By default it runs a built-in list of benchmark names, and you can override that list by passing benchmark names as positional arguments.

```bash
python3 -m profiling.perf_profile.py
python3 -m profiling.perf_profile.py leader6_6_check brp_n1024_max8_all_props
```

Useful options:
- `--skip-build` skips `cargo build --release`.
- `--binary <path>` points to a custom `prismulti` binary.
- `--output-dir <path>` changes where profile outputs are written (default: `profiling/perf_output`).
- `--record-args "..."` appends custom flags to `perf record`.
- `--no-default-record-args` disables default callgraph sampling args (`--call-graph dwarf,16384 --freq 999`).

Each run writes:
- `profiling/perf_output/<benchmark>-<timestamp>.perf` (open this in Hotspot)
- `profiling/perf_output/<benchmark>-<timestamp>.record.log` (command, return code, stdout/stderr)

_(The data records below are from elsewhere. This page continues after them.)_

Record kcat (X : Type) := KCat {
  khom : X -> X -> lmodType k;
  kcomp : forall x y z, khom x y -> khom y z -> khom x z;
  kone : forall x, khom x x;
  compA : forall x y z w (a : khom x y) (b : khom y z) (c : khom z w),
    kcomp (kcomp a b) c = kcomp a (kcomp b c);
  comp1l : forall x y (a : khom x y), kcomp (kone x) a = a;
  comp1r : forall x y (a : khom x y), kcomp a (kone y) = a;
  comp_bilin : forall x y z, bilin (@kcomp x y z)
}.

Record semiHopfCat (X : Type) := SemiHopfCat {
  hcat :> kcat X;
  Delta : forall x y, khom hcat x y -> seq (khom hcat x y * khom hcat x y);
  eps : forall x y, khom hcat x y -> k;
  Delta_lin : forall x y (a : k) (u v : khom hcat x y),
    teq2 (Delta (a *: u + v)) (tscale a (Delta u) ++ Delta v);
  eps_lin : forall x y (a : k) (u v : khom hcat x y),
    eps (a *: u + v) = a * eps u + eps v;
  Delta_coass : forall x y (h : khom hcat x y),
    teq3 [seq (q.1, q.2, p.2) | p <- Delta h, q <- Delta p.1]
         [seq (p.1, q.1, q.2) | p <- Delta h, q <- Delta p.2];
  Delta_counitl : forall x y (h : khom hcat x y),
    \sum_(p <- Delta h) eps p.1 *: p.2 = h;
  Delta_counitr : forall x y (h : khom hcat x y),
    \sum_(p <- Delta h) eps p.2 *: p.1 = h;
  Delta_mul : forall x y z (h : khom hcat x y) (h' : khom hcat y z),
    teq2 (Delta (kcomp h h'))
         [seq (kcomp p.1 q.1, kcomp p.2 q.2) | p <- Delta h, q <- Delta h'];
  Delta_one : forall x, teq2 (Delta (kone hcat x)) [:: (kone hcat x, kone hcat x)];
  eps_mul : forall x y z (h : khom hcat x y) (h' : khom hcat y z),
    eps (kcomp h h') = eps h * eps h';
  eps_one : forall x, eps (kone hcat x) = 1
}.

Record comodCat (X : Type) (H : semiHopfCat X) := ComodCat {
  acat :> kcat X;
  rho : forall x y, khom acat x y -> seq (khom acat x y * khom H x y);
  rho_lin : forall x y (a : k) (u v : khom acat x y),
    teq2 (rho (a *: u + v)) (tscale a (rho u) ++ rho v);
  rho_coass : forall x y (u : khom acat x y),
    teq3 [seq (q.1, q.2, p.2) | p <- rho u, q <- rho p.1]
         [seq (p.1, q.1, q.2) | p <- rho u, q <- Delta p.2];
  rho_counit : forall x y (u : khom acat x y),
    \sum_(p <- rho u) eps p.2 *: p.1 = u;
  rho_mul : forall x y z (u : khom acat x y) (v : khom acat y z),
    teq2 (rho (kcomp u v))
         [seq (kcomp p.1 q.1, kcomp p.2 q.2) | p <- rho u, q <- rho v];
  rho_one : forall x, teq2 (rho (kone acat x)) [:: (kone acat x, kone H x)]
}.

Section Comod.
Variables (X : Type) (H : semiHopfCat X) (A : comodCat H).

Definition coinv (x : X) (b : khom A x x) : Prop :=
  teq2 (rho b) [:: (b, kone H x)].

Definition teqB (z x y : X) (s t : seq (khom A z x * khom A x y)) : Prop :=
  forall (P : lmodType k) (f : khom A z x -> khom A x y -> P), bilin f ->
    (forall a b a', coinv b -> f (kcomp a b) a' = f a (kcomp b a')) ->
    \sum_(p <- s) f p.1 p.2 = \sum_(p <- t) f p.1 p.2.

Definition canmap (z x y : X) (s : seq (khom A z x * khom A x y))
  : seq (khom A z y * khom H x y) :=
  [seq (kcomp p.1 q.1, q.2) | p <- s, q <- rho p.2].

Definition galois : Prop :=
  forall z x y,
    (forall s t : seq (khom A z x * khom A x y),
        teq2 (canmap s) (canmap t) -> teqB s t) /\
    (forall t : seq (khom A z y * khom H x y), exists s, teq2 (canmap s) t).

Definition BHom (x z y : X) (f : khom A x z -> khom A x y) : Prop :=
  (forall u v, f (u + v) = f u + f v) /\
  (forall b a, coinv b -> f (kcomp b a) = kcomp b (f a)).

Definition delta (x y z : X) (g : khom H x z -> khom A z y) (a : khom A x z)
  : khom A x y :=
  \sum_(p <- rho a) kcomp p.1 (g p.2).

(* the candidate inverse: h |-> sum_i l_i(h) phi(r_i(h)),
   given L h = sum_i l_i(h) (x)_{B_x} r_i(h) *)
Definition delta_inv (x y z : X) (L : khom H x z -> seq (khom A z x * khom A x z))
  (phi : khom A x z -> khom A x y) (h : khom H x z) : khom A z y :=
  \sum_(p <- L h) kcomp p.1 (phi p.2).

Definition smash (x y z u : X) (g : khom H x z -> khom A z y)
  (g' : khom H x u -> khom A u z) (h : khom H x u) : khom A u y :=
  \sum_(p <- Delta h) \sum_(q <- rho (g' p.2)) kcomp q.1 (g (kcomp p.1 q.2)).

Definition kunit (x y : X) (h : khom H x y) : khom A y y := eps h *: kone A y.

End Comod.
End Tensors.

(* Let sum_i l_i (x) r_i = can^-1 (1 (x) h).  Applying (m, h) |-> m g(h) to
   can (sum_i l_i (x) r_i) = 1 (x) h gives sum_i l_i delta(g)(r_i) = g(h), so delta
   has the stated left inverse.  For a in A_xz, both sum a_[0] l_i(a_[1]) (x) r_i(a_[1])
   and 1 (x) a are sent by can to a_[0] (x) a_[1]; by injectivity of can they agree
   in A_xx (x)_{B_x} A_xz, and the B_x-balanced map m (x) n |-> m phi(n) turns this
   into delta(delta^-1 phi) = phi.  Injectivity of can also makes delta^-1 phi
   k-linear.  The cluster identities are counitality and coassociativity of rho. *)

From Pilot Require Import Defs.
From HB Require Import structures.
From mathcomp Require Import all_boot all_algebra.
From Stdlib Require Import IndefiniteDescription.
Import GRing.Theory.
Set Implicit Arguments.
Unset Strict Implicit.
Unset Printing Implicit Defensive.
Local Open Scope ring_scope.

Section KLinear.
Variable k : comPzRingType.
Implicit Types M N P : lmodType k.

Lemma klinD M P (f : M -> P) : klinear f -> forall u v, f (u + v) = f u + f v.
Proof. by move=> hf u v; have := hf 1 u v; rewrite !scale1r. Qed.

Lemma klin0 M P (f : M -> P) : klinear f -> f 0 = 0.
Proof.
move=> hf; have := klinD hf 0 0; rewrite addr0 => /(congr1 (fun w => w - f 0)).
by rewrite addrK subrr => ->.
Qed.

Lemma klinZ M P (f : M -> P) : klinear f -> forall a u, f (a *: u) = a *: f u.
Proof. by move=> hf a u; rewrite -[a *: u]addr0 hf klin0 // addr0. Qed.

Lemma klin_sum M P (f : M -> P) I (s : seq I) (F : I -> M) : klinear f ->
  f (\sum_(i <- s) F i) = \sum_(i <- s) f (F i).
Proof.
move=> hf; elim: s => [|i s IH]; first by rewrite !big_nil klin0.
by rewrite !big_cons klinD // IH.
Qed.

Lemma klinear_sum M P I (s : seq I) (F : I -> M -> P) :
  (forall i, klinear (F i)) -> klinear (fun u => \sum_(i <- s) F i u).
Proof.
move=> hF a u v; rewrite scaler_sumr -big_split /=.
by apply: eq_bigr => i _; rewrite hF.
Qed.

Lemma klinear_comp M N P (f : N -> P) (g : M -> N) :
  klinear f -> klinear g -> klinear (fun u => f (g u)).
Proof. by move=> hf hg a u v; rewrite hg hf. Qed.

Lemma bilin_sum M N P I (s : seq I) (F : I -> M -> N -> P) :
  (forall i, bilin (F i)) -> bilin (fun m n => \sum_(i <- s) F i m n).
Proof.
move=> hF; split.
  by move=> n; apply: klinear_sum => i; exact: (hF i).1.
by move=> m; apply: klinear_sum => i; exact: (hF i).2.
Qed.

Lemma sum_tscale M N P (f : M -> N -> P) a (s : seq (M * N)) :
  bilin f -> \sum_(p <- tscale a s) f p.1 p.2 = a *: \sum_(p <- s) f p.1 p.2.
Proof.
move=> hf; rewrite /tscale big_map scaler_sumr; apply: eq_bigr => p _ /=.
by rewrite (klinZ (hf.1 _)).
Qed.

Lemma klinear_teq2_sum M N (V : lmodType k) (T : V -> seq (M * N)) :
  (forall a u v, teq2 (T (a *: u + v)) (tscale a (T u) ++ T v)) ->
  forall P (f : M -> N -> P), bilin f ->
    klinear (fun u => \sum_(p <- T u) f p.1 p.2).
Proof.
move=> hT P f hf a u v /=.
by rewrite (hT a u v P f hf) big_cat /= sum_tscale.
Qed.

End KLinear.

Section KCat.
Variables (k : comPzRingType) (X : Type) (C : kcat k X).

Lemma kcompL_klinear x y z (c : khom C y z) :
  klinear (fun m : khom C x y => kcomp m c).
Proof. exact: (comp_bilin C x y z).1. Qed.

Lemma kcompR_klinear x y z (m : khom C x y) :
  klinear (fun c : khom C y z => kcomp m c).
Proof. exact: (comp_bilin C x y z).2. Qed.

Lemma kcompZl x y z (a : k) (m : khom C x y) (c : khom C y z) :
  kcomp (a *: m) c = a *: kcomp m c.
Proof. exact: (klinZ (kcompL_klinear c)). Qed.

Lemma kcomp_sumr x y z I (s : seq I) (m : khom C x y) (F : I -> khom C y z) :
  kcomp m (\sum_(i <- s) F i) = \sum_(i <- s) kcomp m (F i).
Proof. exact: (klin_sum _ _ (kcompR_klinear m)). Qed.

Lemma bilin_kcomp w x y (N : lmodType k) (f : N -> khom C x y) :
  klinear f -> bilin (fun (m : khom C w x) n => kcomp m (f n)).
Proof.
move=> hf; split; first by move=> n; exact: kcompL_klinear.
by move=> m; apply: klinear_comp hf; exact: kcompR_klinear.
Qed.

End KCat.

Section Comodule.
Variables (k : comPzRingType) (X : Type) (H : semiHopfCat k X) (A : comodCat H).
Implicit Types P : lmodType k.

Lemma klinear_rho_sum x y P (f : khom A x y -> khom H x y -> P) :
  bilin f -> klinear (fun u => \sum_(p <- rho u) f p.1 p.2).
Proof. by apply: klinear_teq2_sum; exact: rho_lin. Qed.

Lemma rho_sum_kcomp x y z P (f : khom A x z -> khom H x z -> P)
  (u : khom A x y) (v : khom A y z) : bilin f ->
  \sum_(p <- rho (kcomp u v)) f p.1 p.2 =
  \sum_(p <- rho u) \sum_(q <- rho v) f (kcomp p.1 q.1) (kcomp p.2 q.2).
Proof. by move=> hf; rewrite (rho_mul _ _ hf) big_allpairs_dep. Qed.

Lemma coinv_sum x P (f : khom A x x -> khom H x x -> P) b : coinv b -> bilin f ->
  \sum_(p <- rho b) f p.1 p.2 = f b (kone H x).
Proof. by move=> hb hf; rewrite (hb _ _ hf) big_seq1. Qed.

Lemma coinv_scale_kone x (c : k) : coinv (c *: kone A x).
Proof.
move=> P f hf; rewrite big_seq1 /= (klinZ (klinear_rho_sum hf)).
by rewrite (rho_one hf) big_seq1 (klinZ (hf.1 _)).
Qed.

(* Scalars act through the coinvariants c 1_x, so B_x-linearity implies k-linearity. *)
Lemma BHom_klinear x z y (phi : khom A x z -> khom A x y) : BHom phi -> klinear phi.
Proof.
case=> phiD phiB c u v; rewrite phiD; congr (_ + _).
have -> : c *: u = kcomp (c *: kone A x) u by rewrite kcompZl comp1l.
by rewrite phiB ?kcompZl ?comp1l //; exact: coinv_scale_kone.
Qed.

Lemma teqB_sum_BHom w x z y (phi : khom A x z -> khom A x y)
  (s t : seq (khom A w x * khom A x z)) :
  BHom phi -> teqB s t ->
  \sum_(p <- s) kcomp p.1 (phi p.2) = \sum_(p <- t) kcomp p.1 (phi p.2).
Proof.
move=> hphi /(_ _ (fun m n => kcomp m (phi n))); apply.
  exact: bilin_kcomp (BHom_klinear hphi).
by move=> a b a' hb; rewrite hphi.2 // Defs.compA.
Qed.

Lemma delta_BHom x y z (g : khom H x z -> khom A z y) :
  klinear g -> BHom (delta g).
Proof.
move=> hg; split.
  by move=> u v; rewrite /delta (klinD (klinear_rho_sum (bilin_kcomp _ hg))).
move=> b a hb; rewrite /delta (rho_sum_kcomp _ _ (bilin_kcomp _ hg)).
have hF : bilin (fun (m : khom A x x) (h : khom H x x) =>
   \sum_(q <- rho a) kcomp (kcomp m q.1) (g (kcomp h q.2))).
  apply: bilin_sum => q; split => [n|m].
    by apply: (klinear_comp (kcompL_klinear _)); exact: kcompL_klinear.
  apply: (klinear_comp (kcompR_klinear _)).
  by apply: (klinear_comp hg); exact: kcompL_klinear.
rewrite (coinv_sum hb hF) kcomp_sumr.
by apply: eq_bigr => q _; rewrite comp1l Defs.compA.
Qed.

Lemma delta_kunit x y (a : khom A x y) : delta (@kunit _ _ _ A x y) a = a.
Proof.
rewrite /delta /kunit -[RHS](rho_counit a); apply: eq_bigr => p _.
by rewrite (klinZ (kcompR_klinear _)) comp1r.
Qed.

Lemma delta_smash x y z u (g : khom H x z -> khom A z y)
  (g' : khom H x u -> khom A u z) : klinear g -> klinear g' ->
  forall a, delta (smash g g') a = delta g (delta g' a).
Proof.
move=> hg hg' a.
pose F (m : khom A x u) (h1 h2 : khom H x u) :=
  \sum_(q <- rho (g' h2)) kcomp m (kcomp q.1 (g (kcomp h1 q.2))).
have hF : trilin F.
  split; last split.
  - by move=> n q; apply: klinear_sum => s; exact: kcompL_klinear.
  - move=> m q; apply: klinear_sum => s.
    apply: (klinear_comp (kcompR_klinear _)); apply: (klinear_comp (kcompR_klinear _)).
    by apply: (klinear_comp hg); exact: kcompL_klinear.
  - move=> m h1.
    have hmh1 : bilin (fun (n : khom A u z) (h : khom H u z) =>
                  kcomp m (kcomp n (g (kcomp h1 h)))).
      split=> [h|n].
        by apply: (klinear_comp (kcompR_klinear _)); exact: kcompL_klinear.
      apply: (klinear_comp (kcompR_klinear _)); apply: (klinear_comp (kcompR_klinear _)).
      by apply: (klinear_comp hg); exact: kcompR_klinear.
    exact: (klinear_comp (klinear_rho_sum hmh1) hg').
have coass := rho_coass a hF; rewrite !big_allpairs_dep /= in coass.
transitivity (\sum_(p <- rho a) \sum_(r <- Delta p.2) F p.1 r.1 r.2).
  rewrite /delta; apply: eq_bigr => p _; rewrite /smash kcomp_sumr.
  by apply: eq_bigr => r _; rewrite kcomp_sumr.
rewrite -coass /delta (klin_sum _ _ (klinear_rho_sum (bilin_kcomp _ hg))).
apply: eq_bigr => p _; rewrite (rho_sum_kcomp _ _ (bilin_kcomp _ hg)).
by apply: eq_bigr => q _; apply: eq_bigr => s _; rewrite Defs.compA.
Qed.

Lemma canmap_sum z x y P (F : khom A z y -> khom H x y -> P) s :
  \sum_(p <- canmap s) F p.1 p.2 =
  \sum_(p <- s) \sum_(q <- rho p.2) F (kcomp p.1 q.1) q.2.
Proof. by rewrite /canmap big_allpairs_dep. Qed.

Lemma canmap_tscale_cat z x y P (F : khom A z y -> khom H x y -> P) c s t :
  bilin F -> \sum_(p <- canmap (tscale c s ++ t)) F p.1 p.2 =
  c *: \sum_(p <- canmap s) F p.1 p.2 + \sum_(p <- canmap t) F p.1 p.2.
Proof.
move=> hF; rewrite !canmap_sum big_cat /tscale big_map scaler_sumr.
congr (_ + _); apply: eq_bigr => p _; rewrite scaler_sumr.
by apply: eq_bigr => q _; rewrite kcompZl (klinZ (hF.1 _)).
Qed.

Section CanInverse.
Variables (x z : X) (L : khom H x z -> seq (khom A z x * khom A x z)).
Hypothesis can_L : forall h, teq2 (canmap (L h)) [:: (kone A z, h)].

Lemma deltaK y (g : khom H x z -> khom A z y) :
  klinear g -> forall h, delta_inv L (delta g) h = g h.
Proof.
move=> hg h; have := can_L h (bilin_kcomp _ hg).
rewrite (canmap_sum (fun m h => kcomp m (g h))) big_seq1 /= comp1l => <-.
rewrite /delta_inv; apply: eq_bigr => p _; rewrite /delta kcomp_sumr.
by apply: eq_bigr => q _; rewrite Defs.compA.
Qed.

Open one result in Hotspot:

```bash
hotspot profiling/perf_output/leader6_6_check-<timestamp>.perf
```

Unfortunately, due to use of lace by Sylvan, we cannot really see where the epensive ADD operations are being called, but we can at least see which are the expensive ADD operations.

## Sylvan Tuning
 
 The symbolic backend can be tuned via environment variables:
 
 - `PRISM_SYLVAN_WORKERS` (default `0`): Lace worker threads. 
 - `PRISM_SYLVAN_GRANULARITY`: override Sylvan task granularity (optional).
 - `PRISM_SYLVAN_MEMORY_CAP`: memory cap passed to `sylvan_set_limits` (bytes).
 - `PRISM_SYLVAN_TABLE_RATIO`: table/cache ratio passed to `sylvan_set_limits`.
 - `PRISM_SYLVAN_INITIAL_RATIO`: initial table ratio passed to `sylvan_set_limits`.

## Docs and Code Conventions
For deeper DTMC semantics and symbolic checking notes, see
([docs/dtmc_details.md](docs/dtmc_details.md)).

For internal conventions around DD usage and protection, see
([docs/dd_usage.md](docs/dd_usage.md)).